WHAT YOU WILL DO — Among the lines of data below, reproduce only those from the one with "by rewrite -mulmxA Mc0 mulmx0 mxE." through the one with "<= (\prod_j (r", exactly as they stand, both ends included.
== Segment start ==
(* Let $(V,[\cdot,\cdot]_V,\langle\cdot,\cdot\rangle)$ be a quadratic Lie algebra whose adjoint map $\mathrm{ad}:V\to\mathfrak{gl}(V)$ is injective, and let $\mathcal V$ be the string-type Lie 2-algebra: the 2-vector space of the complex $\mathbb R\xrightarrow{0}V$ (objects $V$, morphisms $V\oplus\mathbb R$), bracket $[(u,r),(v,r')]_{\mathcal V}=([u,v]_V,0)$, Jacobiator $J_{u,v,w}=([[u,v]_V,w]_V,\langle[u,v]_V,w\rangle)$. Identify $\mathrm{End}^0_{\mathrm d}(\mathcal V)=\mathfrak{gl}(V)\oplus\mathbb R$ and $\mathrm{End}^1(\mathcal V)=\mathrm{Hom}(V,\mathbb R)$, fix a linear complement $\mathrm{Im}(\mathrm{ad})^\perp$ of $\mathrm{Im}(\mathrm{ad})$ in $\mathfrak{gl}(V)$, and define $\alpha:\mathfrak{gl}(V)\oplus\mathbb R\to\mathrm{Hom}(V,\mathbb R)$ by $\alpha(\mathrm{ad}_u+X+r)(v)=\langle u,v\rangle$ for $u,v\in V$, $X\in\mathrm{Im}(\mathrm{ad})^\perp$, $r\in\mathbb R$. Let $\mu=(\mathrm{Id},\mathrm{Id},\mu_2)$ with $\mu_2(A,B)=([A,B],d\alpha(A,B))$, $d\alpha(A,B)=[A,\alpha(B)]-[B,\alpha(A)]-\alpha([A,B])$. Then $\mu_2(\mathrm{ad}_u,\mathrm{ad}_v)(w)=J_{u,v,w}$ for all $u,v,w\in V$, and the graph $\mathfrak G_{\mathrm{ad}_{\mathcal V}}$ of the linear functor $\mathrm{ad}_{\mathcal V}:\mathcal V\to\mathfrak{gl}(\mathcal V)$, $\mathrm{ad}_{\mathcal V}\xi(\eta)=[\xi,\eta]_{\mathcal V}$, is a Dirac structure of the $\mu$-twisted omni-Lie 2-algebra $\mathfrak{gl}(\mathcal V)\oplus_\mu\mathcal V$ whose associated Lie 2-algebra $(\mathcal V,[\cdot,\cdot]_{\mu,\mathrm{ad}_{\mathcal V}},J)$, with $[\xi,\eta]_{\mu,\mathrm{ad}_{\mathcal V}}=\mu_1(\mathrm{ad}_{\mathcal V}\xi)(\eta)$ and $J_{u,v,w}=\mu_2(\mathrm{ad}_{\mathcal V}u,\mathrm{ad}_{\mathcal V}v)(w)$, is exactly the string-type Lie 2-algebra $\mathcal V$.
   Context: All vector spaces are finite-dimensional over $\mathbb R$. A quadratic Lie algebra is a Lie algebra with a nondegenerate symmetric bilinear form invariant under the adjoint action. For a 2-term complex $V_1\xrightarrow{\mathrm d}V_0$, the 2-vector space $\mathbb V$ has objects $V_0$, morphisms $V_0\oplus V_1$ ($u+m$), $s(u+m)=u$, $t(u+m)=u+\mathrm dm$. $\mathrm{End}^0_{\mathrm d}(\mathbb V)=\{A=(A_0,A_1):A_0\mathrm d=\mathrm dA_1\}$, $\mathrm{End}^1(\mathbb V)=\mathrm{Hom}(V_0,V_1)$, $\delta\phi=(\mathrm d\phi,\phi\mathrm d)$; brackets $[A,B]$ componentwise commutator, $[A,\phi]=-[\phi,A]=A_1\phi-\phi A_0$, $[\phi,\psi]_\delta=\phi\mathrm d\psi-\psi\mathrm d\phi$. The strict Lie 2-algebra $\mathfrak{gl}(\mathbb V)$ has objects $\mathrm{End}^0_{\mathrm d}(\mathbb V)$, morphisms $A+\phi$, $s(A+\phi)=A$, $t(A+\phi)=A+\delta\phi$, bracket $[A+\phi,B+\psi]=[A,B]+[\phi,\psi]_\delta+[A,\psi]+[\phi,B]$, and acts on $\mathbb V$ by $A(u)=A_0u$, $(A+\phi)(u+m)=A_0u+(A_1m+\phi(u+\mathrm dm))$. A Lie 2-algebra is a 2-vector space with a skew-symmetric bilinear functor and a skew-symmetric trilinear natural isomorphism $J_{x,y,z}:[[x,y],z]\to[x,[y,z]]+[[x,z],y]$ satisfying the Jacobiator identity; Lie 2-algebra (iso)morphisms $(\mu_0,\mu_1,\mu_2)$ consist of a linear functor and a skew-symmetric bilinear natural transformation $\mu_2(u,v):\mu_0[u,v]\to[\mu_0u,\mu_0v]$ compatible with the Jacobiators. The $\mu$-twisted omni-Lie 2-algebra $\mathfrak{gl}(\mathbb V)\oplus_\mu\mathbb V$ is $\mathfrak{gl}(\mathbb V)\oplus\mathbb V$ with bracket $[\![A+\phi+u+m,B+\psi+v+n]\!]_\mu=[A+\phi,B+\psi]+\tfrac12(\mu_1(A+\phi)(v+n)-\mu_1(B+\psi)(u+m))$ and pairing $\langle A+\phi+u+m,B+\psi+v+n\rangle_\mu=\tfrac12(\mu_1(A+\phi)(v+n)+\mu_1(B+\psi)(u+m))$ (on objects, same with $\mu_0$). A Dirac structure is a 2-sub-vector space $L$ with $L=L^\perp$ (w.r.t. $\langle\cdot,\cdot\rangle_\mu$) closed under $[\![\cdot,\cdot]\!]_\mu$. *)

(* Real vector spaces are modelled by column vectors over an
   arbitrary real field R (generalising R = the reals); linear maps by matrices. *)
From HB Require Import structures.
From mathcomp Require Import all_boot all_order all_algebra.
Set Implicit Arguments. Unset Strict Implicit. Unset Printing Implicit Defensive.
Import Order.TTheory GRing.Theory Num.Theory.
Local Open Scope ring_scope.

Section TwoVect.
Variable R : realFieldType.

(* 2-vector space VV: objects 'cV_p, morphisms u+m = (u,m) : 'cV_p * 'cV_q *)
Definition srcV p q (e : 'cV[R]_p * 'cV[R]_q) : 'cV[R]_p := e.1.
Definition tgtV p q (d : 'M[R]_(p,q)) (e : 'cV[R]_p * 'cV[R]_q) : 'cV[R]_p :=
  e.1 + d *m e.2.
Definition idV p q (u : 'cV[R]_p) : 'cV[R]_p * 'cV[R]_q := (u, 0).

Definition End0 p q := ('M[R]_p * 'M[R]_q)%type.
Definition End1 p q := 'M[R]_(q,p).
Definition inEnd0 p q (d : 'M[R]_(p,q)) (A : End0 p q) : Prop :=
  A.1 *m d = d *m A.2.
Definition deltaE p q (d : 'M[R]_(p,q)) (phi : End1 p q) : End0 p q :=
  (d *m phi, phi *m d).

(* gl(VV): objects End0, morphisms A+phi = (A,phi) *)
Definition glMor p q := (End0 p q * End1 p q)%type.
Definition glsrc p q (X : glMor p q) : End0 p q := X.1.
Definition gltgt p q (d : 'M[R]_(p,q)) (X : glMor p q) : End0 p q :=
  (X.1.1 + (deltaE d X.2).1, X.1.2 + (deltaE d X.2).2).
Definition glid p q (A : End0 p q) : glMor p q := (A, 0).
Definition glbrO p q (A B : End0 p q) : End0 p q :=
  (A.1 *m B.1 - B.1 *m A.1, A.2 *m B.2 - B.2 *m A.2).
Definition glbrA p q (A : End0 p q) (phi : End1 p q) : End1 p q :=
  A.2 *m phi - phi *m A.1.
Definition glbrD p q (d : 'M[R]_(p,q)) (phi psi : End1 p q) : End1 p q :=
  phi *m d *m psi - psi *m d *m phi.
Definition glbrM p q (d : 'M[R]_(p,q)) (X Y : glMor p q) : glMor p q :=
  (glbrO X.1 Y.1, glbrD d X.2 Y.2 + glbrA X.1 Y.2 - glbrA Y.1 X.2).
Definition actO p q (A : End0 p q) (u : 'cV[R]_p) : 'cV[R]_p := A.1 *m u.
Definition actM p q (d : 'M[R]_(p,q)) (X : glMor p q)
  (e : 'cV[R]_p * 'cV[R]_q) : 'cV[R]_p * 'cV[R]_q :=
  (X.1.1 *m e.1, X.1.2 *m e.2 + X.2 *m (e.1 + d *m e.2)).

(* objects: End0 * V0 ; morphisms: glMor * (V0 * V1).  mu0, mu1 is the linear
   functor part of mu; the bracket and pairing only involve mu0, mu1. *)
Definition omObj p q := (End0 p q * 'cV[R]_p)%type.
Definition omMor p q := (glMor p q * ('cV[R]_p * 'cV[R]_q))%type.

Definition half2 p q (e : 'cV[R]_p * 'cV[R]_q) : 'cV[R]_p * 'cV[R]_q :=
  (2^-1 *: e.1, 2^-1 *: e.2).
Definition addV p q (e f : 'cV[R]_p * 'cV[R]_q) : 'cV[R]_p * 'cV[R]_q :=
  (e.1 + f.1, e.2 + f.2).
Definition subV p q (e f : 'cV[R]_p * 'cV[R]_q) : 'cV[R]_p * 'cV[R]_q :=
  (e.1 - f.1, e.2 - f.2).

Definition ombrO p q (mu0 : End0 p q -> End0 p q) (x y : omObj p q) : omObj p q :=
  (glbrO x.1 y.1, 2^-1 *: (actO (mu0 x.1) y.2 - actO (mu0 y.1) x.2)).
Definition ombrM p q (d : 'M[R]_(p,q)) (mu1 : glMor p q -> glMor p q)
  (e f : omMor p q) : omMor p q :=
  (glbrM d e.1 f.1, half2 (subV (actM d (mu1 e.1) f.2) (actM d (mu1 f.1) e.2))).
Definition ompairO p q (mu0 : End0 p q -> End0 p q) (x y : omObj p q) : 'cV[R]_p :=
  2^-1 *: (actO (mu0 x.1) y.2 + actO (mu0 y.1) x.2).
Definition ompairM p q (d : 'M[R]_(p,q)) (mu1 : glMor p q -> glMor p q)
  (e f : omMor p q) : 'cV[R]_p * 'cV[R]_q :=
  half2 (addV (actM d (mu1 e.1) f.2) (actM d (mu1 f.1) e.2)).

Definition omsrc p q (e : omMor p q) : omObj p q := (glsrc e.1, srcV e.2).
Definition omtgt p q (d : 'M[R]_(p,q)) (e : omMor p q) : omObj p q :=
  (gltgt d e.1, tgtV d e.2).
Definition omid p q (x : omObj p q) : omMor p q := (glid x.1, idV q x.2).

Definition lcO p q (a : R) (x y : omObj p q) : omObj p q :=
  ((a *: x.1.1 + y.1.1, a *: x.1.2 + y.1.2), a *: x.2 + y.2).
Definition lcM p q (a : R) (e f : omMor p q) : omMor p q :=
  (((a *: e.1.1.1 + f.1.1.1, a *: e.1.1.2 + f.1.1.2), a *: e.1.2 + f.1.2),
   (a *: e.2.1 + f.2.1, a *: e.2.2 + f.2.2)).
Definition zeroO p q : omObj p q := ((0, 0), 0).
Definition zeroM p q : omMor p q := (((0, 0), 0), (0, 0)).

Definition sub2vect p q (d : 'M[R]_(p,q)) (LO : omObj p q -> Prop)
  (LM : omMor p q -> Prop) : Prop :=
  [/\ (forall x, LO x -> inEnd0 d x.1),
      LO (zeroO p q) /\ (forall a x y, LO x -> LO y -> LO (lcO a x y)),
      LM (zeroM p q) /\ (forall a e f, LM e -> LM f -> LM (lcM a e f)),
      (forall e, LM e -> LO (omsrc e) /\ LO (omtgt d e)) &
      (forall x, LO x -> LM (omid x))].

Definition perpO p q (d : 'M[R]_(p,q)) (mu0 : End0 p q -> End0 p q)
  (mu1 : glMor p q -> glMor p q) (LO : omObj p q -> Prop)
  (LM : omMor p q -> Prop) (x : omObj p q) : Prop :=
  inEnd0 d x.1 /\
  (forall y, LO y -> ompairO mu0 x y = 0) /\
  (forall f, LM f -> ompairM d mu1 (omid x) f = (0, 0)).
Definition perpM p q (d : 'M[R]_(p,q)) (mu1 : glMor p q -> glMor p q)
  (LM : omMor p q -> Prop) (e : omMor p q) : Prop :=
  inEnd0 d e.1.1 /\ (forall f, LM f -> ompairM d mu1 e f = (0, 0)).

Definition Dirac p q (d : 'M[R]_(p,q)) (mu0 : End0 p q -> End0 p q)
  (mu1 : glMor p q -> glMor p q) (LO : omObj p q -> Prop)
  (LM : omMor p q -> Prop) : Prop :=
  [/\ sub2vect d LO LM,
      (forall x, LO x <-> perpO d mu0 mu1 LO LM x),
      (forall e, LM e <-> perpM d mu1 LM e),
      (forall x y, LO x -> LO y -> LO (ombrO mu0 x y)) &
      (forall e f, LM e -> LM f -> LM (ombrM d mu1 e f))].
Lemma psd_quad_eq0 k (M : 'M[R]_k) (x : 'cV_k) :
  psd M -> (x^T *m M *m x) 0 0 = 0 -> M *m x = 0.
Proof.
move=> [Msym Mge0] x0.
have Mtr (u v : 'cV_k) : v^T *m M *m u = (u^T *m M *m v)^T.
  by rewrite !trmx_mul trmxK Msym mulmxA.
suff orth (y : 'cV_k) : (y^T *m M *m x) 0 0 = 0.
  by apply: mulmx_tr_self_eq0; have := orth (M *m x); rewrite -mulmxA.
set a := (y^T *m M *m y) 0 0; set b := (y^T *m M *m x) 0 0.
have quad t : (x + t *: y)^T *m M *m (x + t *: y) = (t * (2 * b + t * a))%:M.
  have -> : (x + t *: y)^T = x^T + t *: y^T by rewrite linearD linearZ.
  rewrite !mulmxDl !mulmxDr -!scalemxAl -!scalemxAr (Mtr y x).
  rewrite [x^T *m M *m x]mx11_scalar [y^T *m M *m x]mx11_scalar.
  rewrite [y^T *m M *m y]mx11_scalar x0 -/a -/b tr_scalar_mx !scale_scalar_mx.
  by rewrite -!raddfD /=; congr (_%:M); ring.
(* [t = - b / (a + 1)] makes the quadratic form [- b^2 (a + 2) / (a + 1)^2]. *)
have a_ge0 : 0 <= a by exact: Mge0.
pose u := b / (a + 1).
have bE : b = u * (a + 1) by rewrite /u divfK // gt_eqF //; lra.
clearbody u; have := Mge0 (x + (- u) *: y); rewrite quad mxE /= mulr1n => h.
have u0 : u = 0 by apply/eqP; rewrite -sqrf_eq0 eq_le sqr_ge0 andbT; nra.
by move: bE; rewrite u0 mul0r.
Qed.

Lemma mxsub_flat m m' (f : 'I_m' -> 'I_m) (M : 'M[R]_m) :
  (\rank M <= \rank (mxsub f f M))%N -> (M <= rowsub f M)%MS.
Proof.
move=> hr; have [_ <-] := mxrank_leqif_sup (rowsub_sub f M).
rewrite eqn_leq mxrankS ?rowsub_sub //=; apply: (leq_trans hr).
by rewrite mxsubcr -[X in colsub f X]mulmx1 -mulmx_colsub mxrankM_maxl.
Qed.

Lemma variety_mxsub n (M : 'M[R]_(mdim n.+1)) :
  psd M -> variety M `<=` variety (mxsub (@widen_deg n) (@widen_deg n) M).
Proof.
move=> Mpsd p pM c Mc0.
set P := rowsub (@widen_deg n) (1%:M : 'M[R]_(mdim n.+1)).
have PtE : P^T = colsub widen_deg 1%:M by rewrite trmx_mxsub trmx1.
have subE : mxsub widen_deg widen_deg M = P *m M *m P^T.
  by rewrite PtE mulmx_colsub mulmx1 -rowsubE mxsubcr.
have PzE : P *m monvec n.+1 p = monvec n p.
  by rewrite -rowsubE; apply/matrixP => a b; rewrite !mxE mon_widen_deg.
have /pM : M *m (P^T *m c) = 0.
  apply: psd_quad_eq0 => //.
  have -> : (P^T *m c)^T *m M *m (P^T *m c) = c^T *m (P *m M *m P^T) *m c.
    by rewrite trmx_mul trmxK !mulmxA.
  by rewrite -subE -mulmxA Mc0 mulmx0 mxE.
by rewrite !peval_monvec -!surjective_pairing mulmxA -trmx_mul PzE.
Qed.

Definition atom_moments (s : seq (R * R)) (rho : R * R -> R) (i j : nat) : R :=
  \sum_(w <- s) rho w * monom w (i, j).

Lemma moment_matrix_atoms m s rho : moment_matrix m (atom_moments s rho) =
  \sum_(w <- s) rho w *: (monvec m w *m (monvec m w)^T).
Proof.
apply/matrixP => a b; rewrite mxE summxE; apply: eq_bigr => w _.
by rewrite !mxE big_ord1 !mxE (monomD w (mon a) (mon b)) mulrA.
Qed.

Lemma quad_atoms m s rho (x : 'cV_(mdim m)) :
  (x^T *m moment_matrix m (atom_moments s rho) *m x) 0 0 =
  \sum_(w <- s) rho w * ((monvec m w)^T *m x) 0 0 ^+ 2.
Proof.
rewrite moment_matrix_atoms mulmx_sumr mulmx_suml summxE; apply: eq_bigr => w _.
rewrite -scalemxAr -scalemxAl mxE; congr (_ * _).
rewrite !mulmxA -(mulmxA _ _ x) mxE big_ord1 expr2; congr (_ * _).
have trE (A : 'M[R]_1) : A 0 0 = A^T 0 0 by rewrite mxE.
by rewrite [LHS]trE trmx_mul trmxK.
Qed.

Lemma psd_atoms m s rho : (forall w, w \in s -> 0 <= rho w) ->
  psd (moment_matrix m (atom_moments s rho)).
Proof.
move=> rho_ge0; split => [|x]; first exact: moment_matrix_tr.
rewrite quad_atoms big_seq; apply: sumr_ge0 => w ws.
by rewrite mulr_ge0 ?rho_ge0 ?sqr_ge0.
Qed.

Lemma variety_atoms m s rho w : (forall w, w \in s -> 0 <= rho w) ->
  w \in s -> 0 < rho w -> variety (moment_matrix m (atom_moments s rho)) w.
Proof.
move=> rho_ge0 ws rho_gt0 c Mc0.
have : (c^T *m moment_matrix m (atom_moments s rho) *m c) 0 0 = 0.
  by rewrite -mulmxA Mc0 mulmx0 mxE.
rewrite quad_atoms big_seq => /eqP; rewrite psumr_eq0 => [/allP/(_ w ws)|v vs].
  by rewrite ws mulf_eq0 gt_eqF //= sqrf_eq0 peval_monvec -surjective_pairing => /eqP.
by rewrite mulr_ge0 ?rho_ge0 ?sqr_ge0.
Qed.
Lemma norm_bracket_term_le k i (r : {ffun 'I_i -> 'I_k.+1}) : (1 < i)%N -> compo r ->
  (forall j, N0 (u (r j)) <=
     ((r j)`!)%:R * (N0 u1 ^+ r j * (h * alpha) ^+ (r j).-1 * (Cnum (r j))%:R)) ->
  h * N1 (multinomial_weight r *: l (fun j => u (r j)))
    <= (k`!)%:R * (N0 u1 ^+ k * (h * alpha) ^+ k.-1 * \prod_j (Cnum (r j))%:R).
Proof.
move=> i_gt1 r_compo IH; set b := h * alpha; set C := \prod_j _.
pose c n := (Cnum n)%:R : R.
have u_V0 j : Vd 0 (u (r j)) by apply: useqn_V0.
have fact_neq0 n : (n`!)%:R != 0 :> R by rewrite pnatr_eq0 -lt0n fact_gt0.
have prod_le : \prod_j N0 (u (r j))
    <= (\prod_j (r j)`!)%:R * (N0 u1 ^+ k * b ^+ (k - i) * C).
  rewrite natr_prod -(prod_compo r_compo _ _ c) -big_split /=; apply: ler_prod => j _.
  by rewrite (norm_on_ge0 V0_sub N0_norm) ?IH.
rewrite (norm_onZ N1_norm); last exact: (bracket_V1 l_deg u_V0).
have weight_ge0 : 0 <= multinomial_weight r :> R by rewrite !divr_ge0.
have bracket_le' := le_trans (bracket_le (ltnW i_gt1) u_V0)
  (ler_wpM2l (mulr_ge0 (ler0n _ _) alpha_ge0) prod_le).
rewrite ger0_norm //; apply: le_trans (ler_wpM2l h_ge0 (ler_wpM2l weight_ge0 bracket_le')) _.
have -> : h * (multinomial_weight r * ((i`!)%:R * alpha *
      ((\prod_j (r j)`!)%:R * (N0 u1 ^+ k * b ^+ (k - i) * C))))
    = (k`!)%:R * (N0 u1 ^+ k * b ^+ (k - i).+1 * C).
  rewrite /multinomial_weight /b exprS; field.
  by rewrite fact_neq0 pnatr_eq0 -lt0n; apply: prodn_gt0 => j; exact: fact_gt0.
have i_le_k := compo_size_le r_compo.
have N0u1_ge0 := norm_on_ge0 V0_sub N0_norm u1_V0.
by rewrite ler_wpM2l // ler_wpM2r ?prodr_ge0 // ler_wpM2l ?exprn_ge0 // ler_weXn2l //; lia.
Qed.

Lemma norm_useqn_le k : (0 < k)%N ->
  N0 (u k) <= (k`!)%:R * (N0 u1 ^+ k * (h * alpha) ^+ k.-1 * (Cnum k)%:R).
Proof.
elim/ltn_ind: k => -[|[|k]] // IHk _; first by rewrite /= expr1 !mulr1 mul1r.
have u_V0 r : (r < k.+2)%N -> Vd 0 (u r) by move=> _; apply: useqn_V0.
have sum_V1 := bracket_sum_V1 V1_sub l_deg u_V0.
rewrite useqnE // (norm_onN N0_norm); last exact: h1_V0.
apply: le_trans (h1_le sum_V1) _.
have -> : (Cnum k.+2)%:R = \sum_(2 <= i < k.+3) \sum_(r : {ffun 'I_i -> 'I_k.+3} | compo r)
    \prod_j (Cnum (r j))%:R :> R.
  rewrite CnumE // natr_sum; apply: eq_bigr => i _.
  by rewrite natr_sum; apply: eq_bigr => r _; rewrite natr_prod.
have term_V1 i (r : {ffun 'I_i -> 'I_k.+3}) :
    Vd 1 (multinomial_weight r *: l (fun j => u (r j))).
  by apply: (subspaceZ V1_sub); apply: (bracket_V1 l_deg) => j; apply: useqn_V0.
rewrite /bracket_sum !mulr_sumr.
apply: le_trans (ler_wpM2l h_ge0 _) _.
  by apply: (norm_on_sum V1_sub N1_norm) => i _; apply: (subspace_sum V1_sub) => r _.
rewrite mulr_sumr; apply: ler_sum_nat => i /andP[i_gt1 _].
rewrite !mulr_sumr; apply: le_trans (ler_wpM2l h_ge0 _) _.
  by apply: (norm_on_sum V1_sub N1_norm) => r _.
rewrite mulr_sumr; apply: ler_sum => r r_compo; apply: norm_bracket_term_le => // j.
by apply: IHk; [exact: compo_lt | exact: compo_gt0].
Qed.

End Estimate.

Section EstimateRHS.
Variable R : realType.
Local Open Scope ereal_scope.

Lemma expe_pinfty n : (+oo : \bar R) ^+ n.+1 = +oo.
Proof. by elim: n => // n IHn; rewrite expeS IHn mulyy. Qed.

Lemma estimate_rhs_ge0 (a alpha : R) (H : \bar R) k c : (0 <= a)%R -> 0 <= H ->
  (0 <= alpha)%R -> 0 <= (a ^+ k)%:E * (H * alpha%:E) ^+ (k - 1) * (c%:R)%:E.
Proof.
move=> a_ge0 H_ge0 alpha_ge0.
by rewrite !mule_ge0 ?expe_ge0 ?mule_ge0 ?lee_fin ?exprn_ge0 ?ler0n.
Qed.

Lemma estimate_rhs_pinfty (a alpha : R) k c : (0 < a)%R -> (0 < alpha)%R ->
  (0 < c)%N -> (1 < k)%N -> (a ^+ k)%:E * (+oo * alpha%:E) ^+ (k - 1) * (c%:R)%:E = +oo.
Proof.
move=> a_gt0 alpha_gt0 c_gt0; case: k => [|[|k]] // _.
rewrite gt0_mulye ?lte_fin // subn1 expe_pinfty.
by rewrite gt0_muley ?gt0_mulye ?lte_fin ?exprn_gt0 ?ltr0n.
Qed.

Lemma lee_estimate_fin (x a alpha h : R) k c :
  (x <= (k`!)%:R * (a ^+ k * (h * alpha) ^+ k.-1 * c%:R))%R ->
  (x / (k`!)%:R)%:E <= (a ^+ k)%:E * (h%:E * alpha%:E) ^+ (k - 1) * (c%:R)%:E.
Proof.
move=> x_le; rewrite -EFinM -EFin_expe -!EFinM lee_fin subn1.
by rewrite ler_pdivrMr ?ltr0n ?fact_gt0 // mulrC.
Qed.

End EstimateRHS.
== Segment end ==
RESPONSE BOX —
  by rewrite -mulmxA Mc0 mulmx0 mxE.
rewrite quad_atoms big_seq => /eqP; rewrite psumr_eq0 => [/allP/(_ w ws)|v vs].
  by rewrite ws mulf_eq0 gt_eqF //= sqrf_eq0 peval_monvec -surjective_pairing => /eqP.
by rewrite mulr_ge0 ?rho_ge0 ?sqr_ge0.
Qed.
Lemma norm_bracket_term_le k i (r : {ffun 'I_i -> 'I_k.+1}) : (1 < i)%N -> compo r ->
  (forall j, N0 (u (r j)) <=
     ((r j)`!)%:R * (N0 u1 ^+ r j * (h * alpha) ^+ (r j).-1 * (Cnum (r j))%:R)) ->
  h * N1 (multinomial_weight r *: l (fun j => u (r j)))
    <= (k`!)%:R * (N0 u1 ^+ k * (h * alpha) ^+ k.-1 * \prod_j (Cnum (r j))%:R).
Proof.
move=> i_gt1 r_compo IH; set b := h * alpha; set C := \prod_j _.
pose c n := (Cnum n)%:R : R.
have u_V0 j : Vd 0 (u (r j)) by apply: useqn_V0.
have fact_neq0 n : (n`!)%:R != 0 :> R by rewrite pnatr_eq0 -lt0n fact_gt0.
have prod_le : \prod_j N0 (u (r j))
    <= (\prod_j (r j)`!)%:R * (N0 u1 ^+ k * b ^+ (k - i) * C).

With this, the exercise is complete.